Write out the entries below exactly, from the first line to the one with "by move/eqP: card_B;", both ends included.

☆ ☆ ☆ ☆

Lemma card_ordered_emb_ge (R : realFieldType) k (B : {set 'I_h}) (W : {set VT}) :
  #|B| = k -> (0 < k -> 2 ^ k.-1 <= #|W|) ->
  (emb_const k * #|W|%:R ^+ k <= #|ordered_emb B W|%:R :> R)%R.
Proof.
elim: k B W => [|k IH] B W card_B W_ge.
  by move/eqP: card_B; rewrite cards_eq0 => /eqP ->; rewrite mul1r ler1n card_ordered_emb0_gt0.
have [u1 u1B] : exists u, u \in B by apply/card_gt0P; rewrite card_B.
have [u0 u0B u0_min] : exists2 u0, u0 \in B & forall u, u \in B -> kap u0 <= kap u.
  by case: (arg_minnP kap u1B) => u0; exists u0.
have card_B' : #|B :\ u0| = k by move: card_B; rewrite (cardsD1 u0 B) u0B => -[].
have sum_le := sum_card_ordered_emb_le W u0B u0_min.
have IH' x guard := IH (B :\ u0) (out_nbhd t W x) card_B' guard.
have [W_lt|W_large] := ltnP #|W| (2 ^ k.+2).
  by apply: (ordered_emb_step_small sum_le IH'); rewrite W_lt W_ge.
exact: (ordered_emb_step_large sum_le IH' W_large).
Qed.

End OrderedEmbeddings.

Section BlockRank.

Variables (h l : nat) (e : rel 'I_h) (part : 'I_h -> 'I_l).

Definition block_edge : rel 'I_h := [rel x y | e x y && (part x == part y)].

(* Scaling by [h] lets the index of [u] break ties, which makes the rank injective. *)
Definition block_rank (u : 'I_h) : nat := #|[set w | connect block_edge w u]| * h + u.

Lemma block_rank_inj : injective block_rank.
Proof.
move=> u v /(congr1 (modn^~ h)); rewrite /block_rank !modnMDl !modn_small //.
exact: val_inj.
Qed.

Lemma block_edge_path_part v p : path block_edge v p -> all (fun y => part y == part v) p.
Proof.
elim: p v => [//|y p IH] v /= /andP[/andP[_ /eqP ->] /IH].
by rewrite eqxx.
Qed.

Hypothesis block_acyclic : forall i, acyclic_on e (block part i).

Lemma block_rank_lt u v : e u v -> part u = part v -> block_rank u < block_rank v.
Proof.
move=> euv puv.
have uv_edge : block_edge u v by rewrite /block_edge /= euv puv eqxx.
suff : #|[set w | connect block_edge w u]| < #|[set w | connect block_edge w v]|.
  by rewrite /block_rank; have := ltn_ord u; nia.
apply: proper_card; apply/properP; split.
  by apply/subsetP => w; rewrite !inE => /connect_trans; apply; exact: connect1.
exists v; rewrite !inE ?connect0 //; apply/negP => /connectP[p vp up].
have blk_u : u \in block part (part u) by rewrite inE.
have blk_vp : all (mem (block part (part u))) (v :: p).
  apply/allP => y; rewrite inE => /predU1P[->|/(allP (block_edge_path_part vp))];
    by rewrite /= inE puv.
have e_path : path e u (v :: p) by rewrite /= euv (sub_path _ vp) // => x y /andP[].
by have := block_acyclic blk_u blk_vp e_path (esym up).
Qed.

End BlockRank.

Definition inj_homs h (VT : finType) (e : rel 'I_h) (t : rel VT) : {set {ffun 'I_h -> VT}} :=
  [set f : {ffun 'I_h -> VT} | [forall u, forall v, e u v ==> t (f u) (f v)] && injectiveb f].

Lemma card_inj_homs_le h (VT : finType) (e : rel 'I_h) (t : rel VT) :
  #|inj_homs e t| <= ncopies e t * h.+1 ^ h.
Proof.
pose copy (f : {ffun 'I_h -> VT}) : {set VT} * {set (VT * VT)} :=
  (f @: [set: 'I_h], [set (f p.1, f p.2) | p in [set q : 'I_h * 'I_h | e q.1 q.2]]).
(* A map is recovered from its copy and the position of each [f x] in [enum] of the image. *)
pose pos (f : {ffun 'I_h -> VT}) : {ffun 'I_h -> 'I_h.+1} :=
  [ffun x => inord (index (f x) (enum (f @: [set: 'I_h])))].
have posE f x : pos f x = index (f x) (enum (f @: [set: 'I_h])) :> nat.
  rewrite ffunE inordK // ltnS (leq_trans (index_size _ _)) // -cardE.
  by rewrite (leq_trans (leq_imset_card _ _)) // cardsT card_ord.
have inj : {in inj_homs e t &, injective (fun f => (copy f, pos f))}.
  move=> f g _ _ [im_fg _ /ffunP pos_fg]; apply/ffunP => x.
  have f_im y : f y \in enum (g @: [set: 'I_h]) by rewrite -im_fg mem_enum imset_f.
  have := congr1 val (pos_fg x); rewrite /= !posE im_fg => idx_fg.
  by rewrite -(nth_index (f x) (f_im x)) idx_fg nth_index // mem_enum imset_f.
have card_pos : #|[set: {ffun 'I_h -> 'I_h.+1}]| = h.+1 ^ h by rewrite cardsT card_ffun !card_ord.
rewrite -(card_in_imset inj) /ncopies -card_pos -cardsX.
apply/subset_leq_card/subsetP => _ /imsetP[f + ->].
rewrite !inE andbT => /andP[/forallP hom f_inj]; apply/andP; split.
  apply/forallP => p; apply/implyP => /imsetP[q]; rewrite inE => eq ->.
  by have /forallP/(_ q.2) := hom q.1; rewrite eq.
by apply/existsP; exists f; rewrite f_inj !eqxx.
Qed.

Section NonEdges.

Variables (R : realFieldType) (VT : finType) (t : rel VT).
Local Open Scope ring_scope.

Lemma card_nonedge_pairs_le (X Y : {set VT}) (eta : R) :
  1 - eta <= dens R t X Y ->
  #|[set p in setX X Y | ~~ t p.1 p.2]|%:R <= eta * (#|X| * #|Y|)%:R.
Proof.
have split : (#|[set p in setX X Y | t p.1 p.2]| + #|[set p in setX X Y | ~~ t p.1 p.2]|
              = #|X| * #|Y|)%N.
  rewrite -cardsX -(cardsID [set p | t p.1 p.2] (setX X Y)).
  by congr (_ + _); apply: eq_card => p; rewrite !inE andbC.
have [XY0|XY_gt0] := posnP (#|X| * #|Y|).
  by move: split; rewrite XY0 => /eqP; rewrite addn_eq0 => /andP[_ /eqP ->]; rewrite mulr0.
rewrite /dens ler_pdivlMr ?ltr0n // -{}split natrD; lra.
Qed.

Lemma card_nonedge_ffun_le (I : finType) (A : I -> {set VT}) (u v : I) (eta : R) :
  u != v -> 1 - eta <= dens R t (A u) (A v) ->
  #|[set f : {ffun I -> VT} | [forall x, f x \in A x] && ~~ t (f u) (f v)]|%:R
    <= eta * (\prod_x #|A x|)%:R.
Proof.
move=> uv dens_uv; set BP := [set p in setX (A u) (A v) | ~~ t p.1 p.2].
set rest := (\prod_(x | (x != u) && (x != v)) #|A x|)%N.
pose A_at (p : VT * VT) x := if x == u then [set p.1] else if x == v then [set p.2] else A x.
have card_A_at p : #|[set f : {ffun I -> VT} | [forall x, f x \in A_at p x]]| = rest.
  rewrite card_ffun_family (bigD1 u) //= (bigD1 v) 1?eq_sym //= /A_at eqxx eq_sym (negbTE uv) eqxx.
  rewrite !cards1 !mul1n; apply: eq_bigr => x /andP[xu xv].
  by rewrite (negbTE xu) (negbTE xv).
have prodA : (\prod_x #|A x| = #|A u| * #|A v| * rest)%N.
  by rewrite (bigD1 u) //= (bigD1 v) 1?eq_sym //= mulnA.
have cover : [set f : {ffun I -> VT} | [forall x, f x \in A x] && ~~ t (f u) (f v)]
    \subset \bigcup_(p in BP) [set f : {ffun I -> VT} | [forall x, f x \in A_at p x]].
  apply/subsetP => f; rewrite inE => /andP[/forallP fA tf]; apply/bigcupP.
  exists (f u, f v); first by rewrite !inE /= fA fA.
  rewrite inE; apply/forallP => x; rewrite /A_at.
  by case: eqP => [->|_]; [rewrite inE | case: eqP => [->|_]; rewrite ?inE].
apply: le_trans (_ : (#|BP| * rest)%:R <= _).
  rewrite ler_nat; apply: leq_trans (subset_leq_card cover) _.
  apply: leq_trans (leq_card_bigcup _ _) _.
  by under eq_bigr do rewrite card_A_at; rewrite sum_nat_const.
rewrite prodA natrM (natrM _ (#|A u| * #|A v|)) mulrA ler_wpM2r //.
exact: card_nonedge_pairs_le.
Qed.

End NonEdges.

Lemma prod_block_pow (R : comPzSemiRingType) h l (part : 'I_h -> 'I_l) (F : 'I_l -> R) :
  (\prod_(i < l) F i ^+ #|block part i| = \prod_(x < h) F (part x))%R.
Proof.
rewrite (partition_big part predT) //=; apply: eq_bigr => i _.
rewrite (eq_bigr (fun _ => F i)) => [|x /eqP -> //].
by rewrite prodr_const; congr (_ ^+ _)%R; apply: eq_card => x; rewrite inE.
Qed.

Lemma cross_edge_arrow h l (e : rel 'I_h) (part : 'I_h -> 'I_l) :
  (forall i j : 'I_l, i < j ->
     arrow e (block part i) (block part j) \/ arrow e (block part j) (block part i)) ->
  forall u v, e u v -> part u != part v -> arrow e (block part (part u)) (block part (part v)).
Proof.
move=> arr u v euv puv.
have no_back : ~ arrow e (block part (part v)) (block part (part u)).
  by move=> /(_ v u); rewrite !inE !eqxx euv => /(_ isT isT).
have [lt_uv|gt_uv|eq_uv] := ltngtP (part u) (part v).
- by case: (arr _ _ lt_uv) => // /no_back.
- by case: (arr _ _ gt_uv) => // /no_back.
- by rewrite (val_inj eq_uv) eqxx in puv.
Qed.

Section Gluing.

Variables (h l : nat) (e : rel 'I_h) (part : 'I_h -> 'I_l).
Variables (VT : finType) (t : rel VT) (v0 : VT) (W : 'I_l -> {set VT}).

Definition block_embs (i : 'I_l) := ordered_emb t v0 (block_rank e part) (block part i) (W i).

☆ ☆ ☆ ☆

## [Result of the task]
Lemma card_ordered_emb_ge (R : realFieldType) k (B : {set 'I_h}) (W : {set VT}) :
  #|B| = k -> (0 < k -> 2 ^ k.-1 <= #|W|) ->
  (emb_const k * #|W|%:R ^+ k <= #|ordered_emb B W|%:R :> R)%R.
Proof.
elim: k B W => [|k IH] B W card_B W_ge.
  by move/eqP: card_B; rewrite cards_eq0 => /eqP ->; rewrite mul1r ler1n card_ordered_emb0_gt0.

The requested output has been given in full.